Bausch schaute erst verdutzt, doch dann verstand er die Anspielung. „Und wenn ihn das nicht ruhigstellt, dann überlassen Sie ihn Schwester Salvatoris, sie wird ihm schon klar machen, dass sich die Partei aus solchen Dingen heraushalten soll.“ Damit war für Tiedemann die Unterhaltung beendet. Er wandte sich ganz dem Bild zu. Bausch nickte und dankte Gott still für die Erlenbader Schwestern hier in der Anstalt und ganz besonders für Schwester Salvatoris. Mit ihrer lieben, aber auch konsequenten Art schaffte sie es immer wieder, alles ins Lot zu bringen und den härtesten Jungen weich wie Butter werden zu lassen. Selbst Parteigenossen wie dieser braune Hund Becker hatten Manschetten vor ihr.
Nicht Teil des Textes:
Lemma sum_tau_coef_dot_low2 N m j a (w : R) b (w' : R) :
  (a <= N - m)%N -> (b <= N - m)%N -> (a < N)%N -> (b < N)%N ->
  \sum_(0 <= t < N) tau N m t j * coef_dot [:: (a, w); (b, w')] (q_coefs N m t)
  = w * tau N m a j + w' * tau N m b j.
Proof.
move=> a_lo b_lo aN bN; rewrite -!sum_tau_coef_dot_low // -big_split /=.
by apply: eq_big_nat => t _; rewrite coef_dot_cat2 mulrDr.
Qed.

Lemma tau_sqr_nu N m r k l : (0 < m)%N -> (0 < N)%N ->
  tau N m r k * tau N m r l * nu N m r = pi / N%:R * (cheb r (node N k) * cheb r (node N l)) :> R.
Proof.
move=> m0 N0; have nu0 := @nu_gt0 R N m r m0.
have N0' : 0 < N%:R :> R by rewrite ltr0n.
have c2 : Num.sqrt (pi / (N%:R * nu N m r)) ^+ 2 = pi / (N%:R * nu N m r) :> R.
  by rewrite sqr_sqrtr // ltW // divr_gt0 ?pi_gt0 // mulr_gt0.
rewrite /tau mulrACA -expr2 c2; move: nu0 N0' (pi_gt0 R).
by generalize (@nu R N m r) (@pi R) => a p a0 N0' p0; field; rewrite !gt_eqF.
Qed.

Lemma node_dot_phi M N m k l : (0 < m < N)%N -> (N + m <= M)%N -> (k < N)%N -> (l < N)%N ->
  node_dot M (phi N m k.+1) (phi N m l.+1) = (k == l)%:R :> R.
Proof.
move=> hm NM kN lN; have /andP[m0 mN] := hm.
rewrite node_dot_suml (eq_big_nat _ _ (F2 := fun r =>
  pi / N%:R * (cheb r (node N k.+1) * cheb r (node N l.+1)))); last first.
  move=> r /andP[_ rN]; rewrite q_chebsum node_dot_chebsum_phi ?q_coefs_lt //.
  rewrite (eq_big_nat _ _ (F2 := fun s => tau N m s l.+1 * nu N m r * (r == s)%:R)).
    by rewrite sum_nat_delta // mulrA tau_sqr_nu //; lia.
  by move=> s /andP[_ sN]; rewrite coef_dot_q //; ring.
rewrite -mulr_sumr big_mkord cheb_discrete_orth_dual //.
have N0 : N%:R != 0 :> R by rewrite pnatr_eq0; lia.
by move: (pi_gt0 R); generalize (@pi R) => p p0; field; rewrite gt_eqF.
Qed.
Derweilen malten die von Tiedemann für talentiert gehaltenen Jungen weiter. Für ihn war diese Tätigkeit neben harten Betten, das Arbeiten um das tägliche Brot in der Landwirtschaft, Sport und Musik ein wichtiger Eckstein in seiner Erziehungsmethode. Talent hatte seiner Meinung nach nichts mit Herkunft zu tun. Es war ein Gottesgeschenk, das es zu fördern galt. Väterlich legte er seine Hand auf die Schultern eines der Jungen. „Morgen fahre ich wieder nach Karlsruhe in die Kunsthalle, wenn du mit möchtest, Erich, nehme ich dich mit.“ Die Augen des Jugendlichen strahlten. Im Geiste sah Erich es schon vor sich. Die Gemälde, die Farben, die Formen. Den Duft nach Leinwand. Die Freiheit der Gedanken. Und vor allem die Möglichkeit, diese Gefühle durch die Malerei auch ausdrücken zu können.
2
Flehingen, 2. August 2016. Rinnsalen von Regenwasser gleich floss mir der Schweiß über die Stirn. Ich fühlte mit den jungen Männern, die hier vor mehr als hundert Jahren, mühsam Tag für Tag mit Hammer und Meißel die Kalksteine aus dem Steinbruch hatten hauen müssen. Und das, obwohl meine Werkzeuge im Vergleich zu Hammer und Meißel leicht wie eine Feder waren. Hochkonzentriert, vor meiner Feldstaffelei stehend, tauchte ich einen Pinsel in ein zartes Hellgrau. Rührte viel zu energisch mit den feinen Borsten des teuren Marderhaarpinsels in der Aquarellfarbe, klatschte ihn schwungvoll auf die Leinwand, um letztendlich schmerzlich aufzustöhnen.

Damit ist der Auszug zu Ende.